Search code examples
rdatetype-conversionposix

Why is R adding an extra row when converting characters to dates


I am converting a vector of character data types to date data types in R using strptime.

When I used sapply to check the data types after the conversion it gave me back an extra row.

Minimal example below:

test_dates = c("2020-10-01","2019-08-09","2018-07-01")
sapply(test_dates,class)
2020-10-01  2019-08-09  2018-07-01 
"character" "character" "character" 

test_dates = strptime(test_dates, "%Y-%m-%d")
sapply(test_dates,class)
     [,1]      [,2]      [,3]     
[1,] "POSIXlt" "POSIXlt" "POSIXlt"
[2,] "POSIXt"  "POSIXt"  "POSIXt" 

The second row at the end is the bit that I am unsure about. I don't know if it is a misunderstanding of sapply, or to do with how R stores times/dates. As below, there is nothing in the second row of the data.

test_dates[1][1]
[1] "2020-10-01 BST"
test_dates[1][2]
[1] NA

Thanks in advance for any help.


Solution

  • R objects can have more than one class. The second row that you are seeing is because strptime returns object with two classes i.e POSIXlt and POSIXt. As you are using sapply it simplifies the data into a matrix which might be confusing.

    Maybe output of lapply would be less confusing.

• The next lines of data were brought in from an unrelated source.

(* Let $(A,\mathcal H)$ be a left bialgebroid such that ${}_s\mathcal H$ is $A$-flat. (1) If $I$ is a left ideal two-sided coideal in $\mathcal H$ and $B:=\mathcal H^{\mathrm{co}\,\mathcal H/I}$, then $B=\mathcal H^{\mathrm{co}\,\mathcal H/\mathcal HB^+}$. (2) If $B$ is a right $\mathcal H$-comodule $A^o$-subring of $\mathcal H$ via $t$ and $I:=\mathcal HB^+$, then $I=\mathcal H\big(\mathcal H^{\mathrm{co}\,\mathcal H/I}\big)^+$.
   Context: $\Bbbk$ is a field. For a $\Bbbk$-algebra $A$, $A^o$ is its opposite. A left bialgebroid $(A,\mathcal H)$ consists of $\Bbbk$-algebras $A,\mathcal H$, algebra maps $s:A\to\mathcal H$, $t:A^o\to\mathcal H$ with commuting images, and $A$-bilinear maps $\Delta:\mathcal H\to\mathcal H\otimes_A\mathcal H$, $\varepsilon:\mathcal H\to A$ for the bimodule structure $a\cdot h\cdot b=s(a)t(b)h$, where $\mathcal H\otimes_A\mathcal H$ is the quotient of $\mathcal H\otimes\mathcal H$ by the span of $t(a)x\otimes y-x\otimes s(a)y$; such that $(\mathcal H,\Delta,\varepsilon)$ is a coassociative counital $A$-coring, $\Delta$ takes values in $\{\sum_ix_i\otimes_Ay_i:\sum_ix_it(a)\otimes_Ay_i=\sum_ix_i\otimes_Ay_is(a)\ \forall a\}$ and is an algebra map into it (factorwise product), $\varepsilon(xs(\varepsilon(y)))=\varepsilon(xy)=\varepsilon(xt(\varepsilon(y)))$, $\varepsilon(1)=1$. Write $\Delta(x)=\sum x_1\otimes_Ax_2$; $\mathcal H^+=\ker\varepsilon$, $B^+=B\cap\mathcal H^+$. ''${}_s\mathcal H$ is $A$-flat'': $\mathcal H$ is flat as left $A$-module via $s$. A left ideal two-sided coideal is a left ideal $I$ with $\varepsilon(I)=0$ and $\Delta(I)\subseteq$ image of $I\otimes_A\mathcal H+\mathcal H\otimes_AI$. For such $I$ with projection $\pi$, $\mathcal H^{\mathrm{co}\,\mathcal H/I}=\{x:\sum\pi(x_1)\otimes_Ax_2=\pi(1)\otimes_Ax\text{ in }\mathcal H/I\otimes_A\mathcal H\}$. A right $\mathcal H$-comodule $A^o$-subring via $t$ is a subalgebra $B\supseteq t(A)$ with a coassociative counital right $A$-linear coaction $\delta:B\to B\otimes_A\mathcal H$ ($B$ a right $A$-module via $b\cdot a=t(a)b$, $\mathcal H$ left via $s$) such that $(\iota\otimes_A\mathcal H)\delta=\Delta\iota$, $\iota$ the inclusion. (For such $B$, $\mathcal HB^+$ is a left ideal two-sided coideal.) *)

(* Tensor products over A (which MathComp does not provide) are
   given by their standard presentation: formal finite sums  sum_i m_i (x) n_i
   (lists of pairs) modulo the congruence generated by biadditivity and
   A-balancing (and, for a quotient M/Z, killing m (x) n for m in Z). *)
From HB Require Import structures.
From mathcomp Require Import all_boot all_algebra.
Set Implicit Arguments. Unset Strict Implicit. Unset Printing Implicit Defensive.
Import GRing.Theory.
Local Open Scope ring_scope.

(* Balanced tensor product  (P/Z) (x)_R N  of (the submodule P of) a right
   R-module M, modulo a submodule Z, with a left R-module N.
   tens_eq ract lact P Z s s'  <->  the formal sums s, s' (all of whose first
   components lie in P) are equal in (P/Z) (x)_R N.                           *)
Section Tensor.
Variables (R : nzRingType) (M N : zmodType).
Variables (ract : M -> R -> M) (lact : R -> N -> N).
Variables (P : M -> Prop) (Z : M -> Prop).

Inductive tens_eq : seq (M * N) -> seq (M * N) -> Prop :=
| tens_refl s : tens_eq s s
| tens_sym s s' : tens_eq s s' -> tens_eq s' s
| tens_trans s1 s2 s3 : tens_eq s1 s2 -> tens_eq s2 s3 -> tens_eq s1 s3
| tens_cat s1 s2 s1' s2' :
    tens_eq s1 s1' -> tens_eq s2 s2' -> tens_eq (s1 ++ s2) (s1' ++ s2')
| tens_perm s s' : perm_eq s s' -> tens_eq s s'
| tens_zero n : tens_eq [:: (0, n)] [::]
| tens_addl m m' n : P m -> P m' ->
    tens_eq [:: (m + m', n)] [:: (m, n); (m', n)]
| tens_addr m n n' : P m -> tens_eq [:: (m, n + n')] [:: (m, n); (m, n')]
| tens_bal m a n : P m -> tens_eq [:: (ract m a, n)] [:: (m, lact a n)]
| tens_kill m n : Z m -> tens_eq [:: (m, n)] [::].
End Tensor.

Section Tensor3.
Variables (R : nzRingType) (M N L : zmodType).
Variables (ractM : M -> R -> M) (lactN : R -> N -> N) (ractN : N -> R -> N)
          (lactL : R -> L -> L).
Variable (P : M -> Prop).

Inductive tens3_eq : seq (M * N * L) -> seq (M * N * L) -> Prop :=
| tens3_refl s : tens3_eq s s
| tens3_sym s s' : tens3_eq s s' -> tens3_eq s' s
| tens3_trans s1 s2 s3 : tens3_eq s1 s2 -> tens3_eq s2 s3 -> tens3_eq s1 s3
| tens3_cat s1 s2 s1' s2' :
    tens3_eq s1 s1' -> tens3_eq s2 s2' -> tens3_eq (s1 ++ s2) (s1' ++ s2')
| tens3_perm s s' : perm_eq s s' -> tens3_eq s s'
| tens3_zero n l : tens3_eq [:: (0, n, l)] [::]
| tens3_add1 m m' n l : P m -> P m' ->
    tens3_eq [:: (m + m', n, l)] [:: (m, n, l); (m', n, l)]
| tens3_add2 m n n' l : P m ->
    tens3_eq [:: (m, n + n', l)] [:: (m, n, l); (m, n', l)]
| tens3_add3 m n l l' : P m ->
    tens3_eq [:: (m, n, l + l')] [:: (m, n, l); (m, n, l')]
| tens3_bal1 m a n l : P m ->
    tens3_eq [:: (ractM m a, n, l)] [:: (m, lactN a n, l)]
| tens3_bal2 m n a l : P m ->
    tens3_eq [:: (m, ractN n a, l)] [:: (m, n, lactL a l)].
End Tensor3.

Definition is_rmodule (R : nzRingType) (M : zmodType) (ract : M -> R -> M) :=
  [/\ forall x y a, ract (x + y) a = ract x a + ract y a,
      forall x a b, ract x (a + b) = ract x a + ract x b,
      forall x a b, ract x (a * b) = ract (ract x a) b &
      forall x, ract x 1 = x].

Definition is_rsubmodule (R : nzRingType) (M : zmodType) (ract : M -> R -> M)
  (P : M -> Prop) :=
  [/\ P 0, forall x y, P x -> P y -> P (x - y) &
      forall x a, P x -> P (ract x a)].

(* N (with left action lact) is flat: for every right R-module M and every
   submodule P of M, the natural map P (x)_R N -> M (x)_R N is injective. *)
Definition flat_left (R : nzRingType) (N : zmodType) (lact : R -> N -> N) :=
  forall (M : zmodType) (ract : M -> R -> M), is_rmodule ract ->
  forall P : M -> Prop, is_rsubmodule ract P ->
  forall s : seq (M * N), (forall p, p \in s -> P p.1) ->
    tens_eq ract lact (fun _ => True) (fun _ => False) s [::] ->
    tens_eq ract lact P (fun _ => False) s [::].

(* The comultiplication Delta : H -> H (x)_A H is given by
   a function D choosing a representative formal sum D x = [:: (x_1, x_2); ..]
   of Delta(x); all axioms are stated up to equality in the tensor product. *)
Section Bialgebroid.
Variables (k : fieldType) (A H : algType k).
Variables (s t : A -> H) (D : H -> seq (H * H)) (eps : H -> A).

(* bimodule structure a.h.b = s(a) t(b) h *)
Definition lactH (a : A) (h : H) : H := s a * h.
Definition ractH (h : H) (a : A) : H := t a * h.

Definition teqH := tens_eq ractH lactH (fun _ => True) (fun _ => False).
Definition teqH3 := tens3_eq ractH lactH ractH lactH (fun _ => True).

Definition left_bialgebroid :=
  [/\ (forall c a b, s (c *: a + b) = c *: s a + s b),
      (forall a b, s (a * b) = s a * s b) & s 1 = 1] /\
  [/\ (forall c a b, t (c *: a + b) = c *: t a + t b),
      (forall a b, t (a * b) = t b * t a), t 1 = 1 &
      forall a b, s a * t b = t b * s a] /\
  [/\ (forall c x y, teqH (D (c *: x + y))
                          ([seq (c *: p.1, p.2) | p <- D x] ++ D y)),
      (forall a b h, teqH (D (s a * t b * h))
                          [seq (s a * p.1, t b * p.2) | p <- D h]),
      (forall c x y, eps (c *: x + y) = c *: eps x + eps y) &
      (forall a b h, eps (s a * t b * h) = a * eps h * b)] /\
  [/\ (forall x, teqH3
         (flatten [seq [seq (q.1, q.2, p.2) | q <- D p.1] | p <- D x])
         (flatten [seq [seq (p.1, q.1, q.2) | q <- D p.2] | p <- D x])),
      (forall x, \sum_(p <- D x) s (eps p.1) * p.2 = x),
      (forall x, \sum_(p <- D x) t (eps p.2) * p.1 = x),
  (* Delta lands in the Takeuchi product *)
      (forall x a, teqH [seq (p.1 * t a, p.2) | p <- D x]
                        [seq (p.1, p.2 * s a) | p <- D x]) &
      (forall x y, teqH (D (x * y))
                        [seq (p.1 * q.1, p.2 * q.2) | p <- D x, q <- D y])] /\
  [/\ teqH (D 1) [:: (1, 1)],
      (forall x y, eps (x * s (eps y)) = eps (x * y)),
      (forall x y, eps (x * t (eps y)) = eps (x * y)) &
      eps 1 = 1].

Definition left_ideal_coideal (I : H -> Prop) :=
  [/\ I 0, (forall c x y, I x -> I y -> I (c *: x + y)),
      (forall h x, I x -> I (h * x)),
      (forall x, I x -> eps x = 0) &
      (forall x, I x -> exists l : seq (H * H),
          (forall p, p \in l -> I p.1 \/ I p.2) /\ teqH (D x) l)].

(* H^{co H/I}: x with  sum pi(x_1) (x) x_2 = pi(1) (x) x  in  H/I (x)_A H
   (H/I is a right A-module via pi(h).a = pi(t(a) h)). *)
Definition coinv (I : H -> Prop) (x : H) : Prop :=
  tens_eq ractH lactH (fun _ => True) I (D x) [:: (1, x)].

Definition HBplus (B : H -> Prop) (x : H) : Prop :=
  exists l : seq (H * H), (forall p, p \in l -> B p.2 /\ eps p.2 = 0) /\
    x = \sum_(p <- l) p.1 * p.2.

(* right H-comodule A^o-subring via t, with coaction delta : B -> B (x)_A H
   (represented by delta : H -> seq (H * H), only used on B). *)
Definition comodule_subring (B : H -> Prop) (delta : H -> seq (H * H)) :=
  let teqB := tens_eq ractH lactH B (fun _ => False) in
  [/\
      B 1, (forall c x y, B x -> B y -> B (c *: x + y)),
      (forall x y, B x -> B y -> B (x * y)),
      (forall a, B (t a)) &
      (forall b, B b -> forall p, p \in delta b -> B p.1)] /\
  [/\
      (forall b b', B b -> B b' -> teqB (delta (b + b')) (delta b ++ delta b')),
      (forall a b, B b -> teqB (delta (t a * b))
                               [seq (p.1, t a * p.2) | p <- delta b]),
      (forall b, B b -> tens3_eq ractH lactH ractH lactH B
         (flatten [seq [seq (q.1, q.2, p.2) | q <- delta p.1] | p <- delta b])
         (flatten [seq [seq (p.1, q.1, q.2) | q <- D p.2] | p <- delta b])),
      (forall b, B b -> \sum_(p <- delta b) t (eps p.2) * p.1 = b) &
      (forall b, B b -> teqH (delta b) (D b))].
End Bialgebroid.

(* Identities in tensor products over A are used by evaluating them along
   A-balanced maps [tens_eq_sum]; where an actual module is needed, (H/I) (x)_A H
   is built as a quotient type [tensor].

   (2) An element b of B has coaction legs in B, and b' - t(eps b') lies in
   B^+ for b' in B, so sum b_1 (x) b_2 = 1 (x) sum s(eps b_1) b_2 = 1 (x) b modulo
   HB^+.  Conversely, if x is coinvariant modulo a left ideal Z then applying
   m (x) n |-> t(eps n) m gives x - t(eps x) in Z, so the coinvariants killed
   by eps lie in Z.

   (1) By the converse just stated HB^+ is contained in I, whence one inclusion.
   For the other, the defect d(x) = sum pi(x_1) (x) x_2 - pi(1) (x) x is a right
   A-linear map H -> (H/I) (x)_A H with kernel B.  Coassociativity and the
   coinvariance of b give sum d(b_1) (x) b_2 = 0 in ((H/I) (x)_A H) (x)_A H;
   flatness of H over A moves this identity into d(H) (x)_A H, and the map
   d(x) (x) n |-> (x - t(eps x)) (x) n, well defined because it vanishes for x in
   B, carries it to sum b_1 (x) b_2 - 1 (x) b = 0 in (H/HB^+) (x)_A H. *)

From HB Require Import structures.
From mathcomp Require Import all_boot all_algebra.
From Stdlib Require Import ClassicalEpsilon.
Set Implicit Arguments. Unset Strict Implicit. Unset Printing Implicit Defensive.
Import GRing.Theory.
Local Open Scope ring_scope.
Local Open Scope quotient_scope.

Lemma morphB (U V : zmodType) (phi : U -> V) :
  {morph phi : x y / x + y} -> {morph phi : x y / x - y}.
Proof. by move=> phiD x y; rewrite -[in RHS](subrK y x) [in RHS]phiD addrK. Qed.

Lemma morph0 (U V : zmodType) (phi : U -> V) : {morph phi : x y / x + y} -> phi 0 = 0.
Proof. by move=> phiD; rewrite -(subrr 0) (morphB phiD) subrr. Qed.

Section BalancedMaps.
Variables (R : nzRingType) (M N V : zmodType).
Variables (ract : M -> R -> M) (lact : R -> N -> N) (P Z : M -> Prop).

Definition balanced_on (F : M -> N -> V) :=
  [/\ forall n, F 0 n = 0,
      forall m m' n, P m -> P m' -> F (m + m') n = F m n + F m' n,
      forall m n n', P m -> F m (n + n') = F m n + F m n' &
      forall m a n, P m -> F (ract m a) n = F m (lact a n)].

Definition tsum (F : M -> N -> V) (u : seq (M * N)) := \sum_(p <- u) F p.1 p.2.

Lemma tsum_cat F u v : tsum F (u ++ v) = tsum F u + tsum F v.
Proof. exact: big_cat. Qed.

Lemma tsum_map (T : Type) F (g : T -> M * N) (u : seq T) :
  tsum F (map g u) = \sum_(p <- u) F (g p).1 (g p).2.
Proof. exact: big_map. Qed.

Lemma tens_eq_sum_mod (IV : V -> Prop) F u v :
  IV 0 -> (forall x y, IV x -> IV y -> IV (x - y)) ->
  balanced_on F -> (forall m n, Z m -> IV (F m n)) ->
  tens_eq ract lact P Z u v -> IV (tsum F u - tsum F v).
Proof.
move=> IV0 IVB [F0 FDl FDr Fbal] FZ.
have IVD x y : IV x -> IV y -> IV (x + y).
  by move=> Ix Iy; rewrite -[y]opprK -[- y]sub0r; apply/(IVB _ _ Ix)/IVB.
elim=> {u v} [u|u v _ IVuv|u1 u2 u3 _ IV12 _ IV23|u1 u2 v1 v2 _ IVu _ IVv
  |u v uv|n|m m' n Pm Pm'|m n n' Pm|m a n Pm|m n Zm].
- by rewrite subrr.
- by rewrite -opprB -sub0r; apply: IVB.
- by rewrite -(subrKA (tsum F u2)); apply: IVD.
- by rewrite !tsum_cat opprD addrACA; apply: IVD.
- by rewrite /tsum (perm_big _ uv) subrr.
- by rewrite /tsum big_seq1 big_nil F0 subrr.
- by rewrite /tsum !big_cons !big_nil /= FDl // !addr0 subrr.
- by rewrite /tsum !big_cons !big_nil /= FDr // !addr0 subrr.
- by rewrite /tsum !big_seq1 /= Fbal // subrr.
- by rewrite /tsum big_seq1 big_nil subr0; apply: FZ.
Qed.

Lemma tens_eq_sum F u v : balanced_on F -> (forall m n, Z m -> F m n = 0) ->
  tens_eq ract lact P Z u v -> tsum F u = tsum F v.
Proof.
move=> Fbal FZ uv; apply/eqP; rewrite -subr_eq0; apply/eqP.
by apply: (tens_eq_sum_mod (IV := eq^~ 0)) uv => // x y -> ->; rewrite subr0.
Qed.
End BalancedMaps.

    lapply(test_dates, class)
    
    #[[1]]
    #[1] "POSIXlt" "POSIXt" 
    
    #[[2]]
    #[1] "POSIXlt" "POSIXt" 
    
    #[[3]]
    #[1] "POSIXlt" "POSIXt" 
    

    Also a vector can have only one class so you can check class of the whole vector instead of each individual element since it will return the same value anyway.

    class(test_dates)
    #[1] "POSIXlt" "POSIXt"